On the one hand, this could be read as a story about how easy it is for people to inadvertently become addicted to opioids; I went in for a minor surgery, was given a huge bottle of pain pills by a trusted medical professional, and told to use them to my heart’s content. I was fortunate in that I did not end up experiencing very much significant recurring pain as a result of my surgery, and therefore was not seriously tempted to use more than what was absolutely necessary. If my surgery had produced significant recurring pain, who’s to say that I would have had the fortitude and self-control to resist burning through that whole bottle of pills?

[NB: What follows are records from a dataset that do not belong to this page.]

Section ProductConjugacy.
Variables (I : Type) (T : I -> topologicalType) (G : forall i, group_ops (T i)) (n : nat).
Local Notation Z := (power_space (prod_topology T) n).

Lemma diag_conj_class_column i (g z : Z) :
  diag_conj_class (prod_group_ops G) g z ->
  diag_conj_class (G i) (column i g) (column i z).
Proof. by move=> [c ->]; exists (c i). Qed.

Lemma diag_conj_class_columns (g z : Z) :
  (forall i, diag_conj_class (G i) (column i g) (column i z)) ->
  diag_conj_class (prod_group_ops G) g z.
Proof.
move=> gz; have /all_sig[c zc] := fun i => cid (gz i).
exists c; apply: funext => k; apply: functional_extensionality_dep => i.
exact: (congr1 (fun f => f k) (zc i)).
Qed.

End ProductConjugacy.

Theorem ample_generics_prod (I : Type) (T : I -> topologicalType)
    (G : forall i, group_ops (T i)) :
  countable [set: I] -> (forall i, polish_group (G i)) ->
  (ample_generics (T := prod_topology T) (prod_group_ops G) <->
   forall i, ample_generics (G i)).
Proof.
move=> cI pG; have pT i : polish_space (T i) by case: (pG i).
split => [ampleG i n|ampleGi n].
  have [g Cg] := ampleG n; exists (column i g).
  apply: comeagerS (comeager_set_column i (fun j => gone (G j)) cI pT Cg).
  by move=> x [z /(diag_conj_class_column i)]; rewrite set_columnK.
have /all_sig[g Cg] := fun i => cid (ampleGi i n).
exists (fun k i => g i k).
apply: comeagerS (comeager_columns cI Cg) => z.
exact: diag_conj_class_columns.
Qed.

Section SupMetric.
Local Open Scope ereal_scope.

Lemma sup_metric_ge (I : Type) (T : I -> Type) (d : forall i, T i -> T i -> \bar R)
  (x y : forall i, T i) i : d i (x i) (y i) <= sup_metric d x y.
Proof. by apply: ereal_sup_ubound; right; exists i. Qed.

Lemma sup_metric_ge0 (I : Type) (T : I -> Type) (d : forall i, T i -> T i -> \bar R)
  (x y : forall i, T i) : 0 <= sup_metric d x y.
Proof. by apply: ereal_sup_ubound; left. Qed.

Lemma sup_metric_le (I : Type) (T : I -> Type) (d : forall i, T i -> T i -> \bar R)
  (x y : forall i, T i) (M : \bar R) :
  0 <= M -> (forall i, d i (x i) (y i) <= M) -> sup_metric d x y <= M.
Proof. by move=> M0 xyM; apply: ge_ereal_sup => _ [->|[i _ <-]]. Qed.

Lemma set_dist_ltP (U : Type) (dU : U -> U -> \bar R) x C (eps : R) :
  set_dist dU x C < eps%:E <-> exists2 c, C c & dU x c < eps%:E.
Proof.
split => [/ereal_inf_lt[_ [c Cc <-] xc]|[c Cc xc]]; first by exists c.
by apply: le_lt_trans xc; apply: ereal_inf_lbound; exists c.
Qed.

Variables (I : Type) (T : I -> topologicalType) (G : forall i, group_ops (T i))
  (d : forall i, T i -> T i -> \bar R) (n : nat).
Arguments d : clear implicits.
Local Notation Z := (power_space (prod_topology T) n).
Local Notation dZ := (sup_metric (fun _ : 'I_n => sup_metric d)).
Local Notation dX i := (sup_metric (fun _ : 'I_n => d i)).

Lemma sup_metric_column i (z z' : Z) : dX i (column i z) (column i z') <= dZ z z'.
Proof.
apply: sup_metric_le => [|k]; first exact: sup_metric_ge0.
exact: le_trans (sup_metric_ge d (z k) (z' k) i) (sup_metric_ge _ z z' k).
Qed.

Lemma sup_metric_columns_le (z z' : Z) (M : \bar R) : 0 <= M ->
  (forall i, dX i (column i z) (column i z') <= M) -> dZ z z' <= M.
Proof.
move=> M0 zM; apply: sup_metric_le => // k; apply: sup_metric_le => // i.
exact: le_trans (sup_metric_ge _ (column i z) (column i z') k) (zM i).
Qed.

Lemma eps_nbhd_column i (g z : Z) eps :
  eps_nbhd dZ (diag_conj_class (prod_group_ops G) g) eps z ->
  eps_nbhd (dX i) (diag_conj_class (G i) (column i g)) eps (column i z).
Proof.
move=> /set_dist_ltP[c gc zc]; apply/set_dist_ltP; exists (column i c).
  exact: diag_conj_class_column.
exact: le_lt_trans (sup_metric_column i z c) zc.
Qed.

Lemma eps_nbhd_columns (g z : Z) (r eps : R) : (0 <= r)%R -> (r < eps)%R ->
  (forall i, eps_nbhd (dX i) (diag_conj_class (G i) (column i g)) r (column i z)) ->
  eps_nbhd dZ (diag_conj_class (prod_group_ops G) g) eps z.
Proof.
move=> r0 reps zr.
have /all_sig2[c gc zc] := fun i => cid2 ((set_dist_ltP _ _ _ _).1 (zr i)).
apply/set_dist_ltP; exists (fun k i => c i k); first exact: diag_conj_class_columns.
have r0' : 0 <= r%:E by rewrite lee_fin.
apply: le_lt_trans (sup_metric_columns_le r0' (fun i => ltW (zc i))) _.
by rewrite lte_fin.
Qed.

End SupMetric.

Theorem tm_ample_generics_prod (I : Type) (T : I -> topologicalType)
    (G : forall i, group_ops (T i)) (d : forall i, T i -> T i -> \bar R) :
  countable [set: I] -> (forall i, polish_topometric_group (G i) (d i)) ->
  (tm_ample_generics (T := prod_topology T) (prod_group_ops G) (sup_metric d) <->
   forall i, tm_ample_generics (G i) (d i)).
Proof.
move=> cI pG; have pT i : polish_space (T i) by case: (pG i) => -[].
split => [ampleG i n eps eps0|ampleGi n eps eps0].
  have [g Cg] := ampleG n eps eps0; exists (column i g).
  apply: comeagerS (comeager_set_column i (fun j => gone (G j)) cI pT Cg).
  by move=> x [z /(eps_nbhd_column i)]; rewrite set_columnK.
have eps2 : 0 < eps / 2 by rewrite divr_gt0.
have /all_sig[g Cg] := fun i => cid (ampleGi i n _ eps2).
exists (fun k i => g i k).
apply: comeagerS (comeager_columns cI Cg) => z.
by apply: eps_nbhd_columns; [exact: ltW|lra].
Qed.

Theorem proposition6p4 :
  (forall (I : Type) (T : I -> topologicalType) (G : forall i, group_ops (T i)),
      countable [set: I] ->
      (forall i, polish_group (G i)) ->
      (ample_generics (T := prod_topology T) (prod_group_ops G) <->
       forall i, ample_generics (G i)))
  /\
  (forall (I : Type) (T : I -> topologicalType) (G : forall i, group_ops (T i))
          (d : forall i, T i -> T i -> \bar R),
      countable [set: I] ->
      (forall i, polish_topometric_group (G i) (d i)) ->
      (tm_ample_generics (T := prod_topology T) (prod_group_ops G) (sup_metric d) <->
       forall i, tm_ample_generics (G i) (d i))).
Proof. by split; [exact: ample_generics_prod|exact: tm_ample_generics_prod]. Qed.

On the other hand, even if I had done so, I could not plausibly have claimed that it was inadvertent, or that I didn’t understand the risks. Every thinking adult with even a cursory understanding of current events is aware of the gravity of opioid addiction. Now, if there had been something laced into those pills without my knowledge - if I’d thought I was taking immunosuppressants and it turned out they had fentanyl in them - this would obviously be beyond my control. My sense is that people who talk a lot about the “opioid crisis” tend to imply that this type of situation - people taking opioids without realizing it, and becoming addicted - is very common. My naïve sense is that probably the much more common scenario is more similar to my experience, wherein people are given massively unnecessary and inflated doses of pain medication by doctors, and fail to exercise proper self-control over how much of that medication to use.